I have an almost 15 week old chocolate lab. Training and especially potty training are going well, we stumble now and then but he's pretty well behaved.

My question is about him chewing wood. The home we got him from said he chewed the bark off trees right from the beginning. I have some trees around my property, so now and then he finds a branch and I have let him play with them 'cause it keeps him entertained while I pick weeds or something outside. I'm starting to notice him finding pencils my daughter leaves on the floor or just now he inhaled a close-pin.

I read a post a while ago about someone letting their dog chew a whicker basket and it created scar tissue in their dog's stomach. Should I be concerned and if so how do I correct this? He has plenty of toys in the house and we keep them all in a basket. Its not like he chews and swallows wood every day, we keep a pretty good eye on him. Just once in a while he sneaks something past us.


----------



## +two (Jul 12, 2011)

Wood is not a suitable toy for a Labrador. Or any dog, especially if he/she is prone to chewing/swallowing the wood. Unfortunately, this is how many dogs end up in the ER every year. 

I would recommend cleaning up your yard and getting rid of any loose sticks.

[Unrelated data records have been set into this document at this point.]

(* Fix an agent $k$ and coefficients $W_{i,j}\in[-1,1]$, $i,j\in[m_k]$, and suppose there are $\varepsilon',\varepsilon''\ge0$ such that $W_{i,i}\ge\max\{W_{i,j}-\varepsilon',-\varepsilon''\}$ for all $i,j\in[m_k]$. Let $(q^*_{i,j})_{i,j\in[m_k]}$ be an optimal solution of the program $(P^3)$ with these coefficients. Then for all $i,j\in[m_k]$: if $q^*_{i,j}>0$ then $W_{i,j}\ge W_{i,i}-m\varepsilon'-\sqrt2\,m\gamma$.
   Context: Agent $k$ has a finite type support $\{t_k^{(1)},\dots,t_k^{(m_k)}\}$ with probabilities $F_i>0$ summing to 1; $m=\max_{k'}m_{k'}$ (so $m\ge m_k$). With $\gamma>0$ and $\phi(\mathbf{q})=\frac12\gamma\|\mathbf{q}\|_2^2$, program $(P^3)$: maximize $\sum_i F_i(\sum_j W_{i,j}q_{i,j}-\phi(\mathbf{q}_i))$ subject to $\sum_j q_{i,j}=1$ for all $i$, $\sum_iF_iq_{i,j}=F_j$ for all $j$, $q_{i,j}\ge0$, where $\mathbf{q}_i=(q_{i,j})_j$. *)

From HB Require Import structures.
From mathcomp Require Import all_boot all_order all_algebra.
From mathcomp Require Import reals.
Set Implicit Arguments. Unset Strict Implicit. Unset Printing Implicit Defensive.
Import Order.TTheory GRing.Theory Num.Theory.
Local Open Scope ring_scope.

Definition phi (R : realType) (n : nat) (gamma : R) (qi : 'I_n -> R) : R :=
  2^-1 * gamma * \sum_(j < n) (qi j) ^+ 2.

Definition P3_obj (R : realType) (n : nat) (gamma : R) (F : 'I_n -> R)
    (W q : 'I_n -> 'I_n -> R) : R :=
  \sum_(i < n) F i * (\sum_(j < n) W i j * q i j - phi gamma (q i)).

Definition P3_feasible (R : realType) (n : nat) (F : 'I_n -> R)
    (q : 'I_n -> 'I_n -> R) : Prop :=
  (forall i, \sum_(j < n) q i j = 1) /\
  (forall j, \sum_(i < n) F i * q i j = F j) /\
  (forall i j, 0 <= q i j).

Definition P3_optimal (R : realType) (n : nat) (gamma : R) (F : 'I_n -> R)
    (W q : 'I_n -> 'I_n -> R) : Prop :=
  P3_feasible F q /\
  forall q', P3_feasible F q' -> P3_obj gamma F W q' <= P3_obj gamma F W q.

From HB Require Import structures.
From mathcomp Require Import all_boot all_order all_algebra.
From mathcomp Require Import reals.
From mathcomp Require Import ring lra.
Set Implicit Arguments.
Unset Strict Implicit.
Unset Printing Implicit Defensive.
Import Order.TTheory GRing.Theory Num.Theory.
Local Open Scope ring_scope.

(* If q_ij > 0, flow conservation (the F-weighted column constraints) forces a
   path of positive entries from j back to i, so (i, j) lies on a cycle of at
   most m_k positive entries.  Moving mass, along every edge (a, b) of this
   cycle, from q_ab to the diagonal entry q_aa keeps q feasible for small
   steps, so by optimality the directional derivative of the objective is
   nonpositive: the reduced gaps (W_aa - gamma q_aa) - (W_ab - gamma q_ab)
   sum to at most 0 over the cycle.  Every gap is at least -(eps' + gamma)
   and q_ii <= 1, whence W_ii - W_ij <= (m_k - 1) eps' + m_k gamma. *)

Section EdgeShift.
Variables (R : comPzRingType) (n : nat).
Implicit Types (es : seq ('I_n * 'I_n)) (f : 'I_n -> R).

Lemma sum_indicator_mull (x : 'I_n) f : \sum_(a < n) (a == x)%:R * f a = f x.
Proof.
rewrite (bigD1 x) //= eqxx mul1r big1 ?addr0 // => a /negbTE ->.
by rewrite mul0r.
Qed.

Lemma sum_indicator (x : 'I_n) : \sum_(a < n) (a == x)%:R = 1 :> R.
Proof.
rewrite -[RHS](sum_indicator_mull x (fun _ => 1)).
by apply: eq_bigr => a _; rewrite mulr1.
Qed.

(* For each edge (a, b) of es, one unit of mass moves from entry (a, b) to
   entry (a, a). *)
Definition edge_shift es (a b : 'I_n) : R :=
  \sum_(e <- es) (a == e.1)%:R * ((b == e.1)%:R - (b == e.2)%:R).

Definition balanced es := perm_eq [seq e.1 | e <- es] [seq e.2 | e <- es].

Lemma sum_edge_shift_row es a : \sum_(b < n) edge_shift es a b = 0.
Proof.
rewrite exchange_big big1 //= => e _.
by rewrite -mulr_sumr sumrB !sum_indicator subrr mulr0.
Qed.

Lemma sum_edge_shift_col es b :
  balanced es -> \sum_(a < n) edge_shift es a b = 0.
Proof.
move=> bal; rewrite exchange_big /=.
under eq_bigr do rewrite sum_indicator_mull.
rewrite sumrB -(big_map fst xpredT (fun x => (b == x)%:R)).
by rewrite -(big_map snd xpredT (fun x => (b == x)%:R)) (perm_big _ bal) subrr.
Qed.

Lemma sum_edge_shift_pairing es (G : 'I_n -> 'I_n -> R) :
  \sum_(a < n) \sum_(b < n) G a b * edge_shift es a b =
  \sum_(e <- es) (G e.1 e.1 - G e.1 e.2).
Proof.
transitivity (\sum_(e <- es) \sum_(a < n) (a == e.1)%:R *
                \sum_(b < n) ((b == e.1)%:R * G a b - (b == e.2)%:R * G a b)).
  rewrite /edge_shift; under eq_bigr do under eq_bigr do rewrite mulr_sumr.
  under eq_bigr do rewrite exchange_big /=; rewrite exchange_big /=.
  apply: eq_bigr => e _; apply: eq_bigr => a _; rewrite mulr_sumr.
  by apply: eq_bigr => b _; ring.
by apply: eq_bigr => e _; rewrite sum_indicator_mull sumrB !sum_indicator_mull.
Qed.

End EdgeShift.

Lemma edge_shift_lt0_mem (R : realDomainType) n (es : seq ('I_n * 'I_n)) a b :
  edge_shift R es a b < 0 -> (a, b) \in es.
Proof.
apply: contraTT => ab_notin; rewrite -leNgt.
rewrite /edge_shift big_seq sumr_ge0 // => e e_in.
have [a_e1 | _] := eqVneq a e.1; last by rewrite mul0r.
have /negbTE-> : b != e.2.
  by apply: contraNneq ab_notin => b_e2; rewrite a_e1 b_e2 -surjective_pairing.
by rewrite subr0 mul1r ler0n.
Qed.

Lemma le0_of_small_quadratic (R : realFieldType) (t0 L Q : R) :
  0 < t0 -> 0 <= Q -> (forall t, 0 < t <= t0 -> t * L - t ^+ 2 * Q <= 0) ->
  L <= 0.
Proof.
move=> t0_gt0 Q_ge0 small; rewrite leNgt; apply/negP => L_gt0.
pose t := Num.min t0 (L / (Q + 1)).
have t_gt0 : 0 < t by rewrite lt_min t0_gt0 divr_gt0 // ltr_wpDl.
have t_le : t <= L / (Q + 1) by rewrite ge_min lexx orbT.
have : t * (L - t * Q) <= 0.
  by rewrite mulrBr mulrA -expr2 small // t_gt0 ge_min lexx.
rewrite pmulr_rle0 // subr_le0 => L_le.
have : t * (Q + 1) <= L by rewrite -ler_pdivlMr // ltr_wpDl.
nra.
Qed.

Lemma small_step_ge0 (R : realFieldType) (x y : R) :
  0 <= x -> (y < 0 -> 0 < x) ->
  exists2 t0, 0 < t0 & forall t, 0 < t <= t0 -> 0 <= x + t * y.
Proof.
move=> x_ge0 x_gt0; have [y_ge0 | y_lt0] := leP 0 y.
  by exists 1 => // t /andP[/ltW t_ge0 _]; rewrite addr_ge0 ?mulr_ge0.
exists (x / - y) => [|t /andP[_ t_le]]; first by rewrite divr_gt0 ?oppr_gt0 ?x_gt0.
move: t_le; rewrite ler_pdivlMr ?oppr_gt0 // mulrN; lra.
Qed.

Lemma exists_uniform_step (R : realFieldType) (T : finType) (P : T -> R -> Prop) :
  (forall x, exists2 t0, 0 < t0 & forall t, 0 < t <= t0 -> P x t) ->
  exists2 t0, 0 < t0 & forall x t, 0 < t <= t0 -> P x t.
Proof.
move=> step.
suff [t0 t0_gt0 Pt0] : exists2 t0, 0 < t0 &
    forall x, x \in enum T -> forall t, 0 < t <= t0 -> P x t.
  by exists t0 => // x t; apply: Pt0; rewrite mem_enum.
elim: (enum T) => [|y s [t1 t1_gt0 IH]]; first by exists 1.
have [t2 t2_gt0 Pt2] := step y.
exists (Num.min t1 t2) => [|x]; first by rewrite lt_min t1_gt0.
rewrite inE => /predU1P[-> | x_in] t /andP[t_gt0 t_le].
  by apply: Pt2; rewrite t_gt0 (le_trans t_le) // ge_min lexx orbT.
by apply: IH; rewrite // t_gt0 (le_trans t_le) // ge_min lexx.
Qed.

Section P3Perturbation.
Variables (R : realType) (n : nat) (gamma : R) (F : 'I_n -> R).
Variables (W q : 'I_n -> 'I_n -> R).
Hypothesis F_gt0 : forall a, 0 < F a.

(* The step t D acts on the flows F a * q a b rather than on q itself. *)
Definition perturb (t : R) (D : 'I_n -> 'I_n -> R) a b := q a b + t * D a b / F a.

Since he is only 15 weeks old, you can not expect him to 'leave it' on his own. Do not, in any way, encourage him to chew wood. Have your children keep all wooden objects safely stored(and other things that he may be able to eat... think baby proofing but for a puppy).

If he happens to get something in his mouth that you don't want him to chew/swallow then you need to make a 'trade'. Have treats in your pocket whenever you are actively watching the puppy (ie: when hes out of his crate). Call the puppy in a high tone and show him you have a treat for him. You can substitute treat for anything rewarding (favorite toy, ball, etc). As soon as he drops whats in his mouth, give him his reward. 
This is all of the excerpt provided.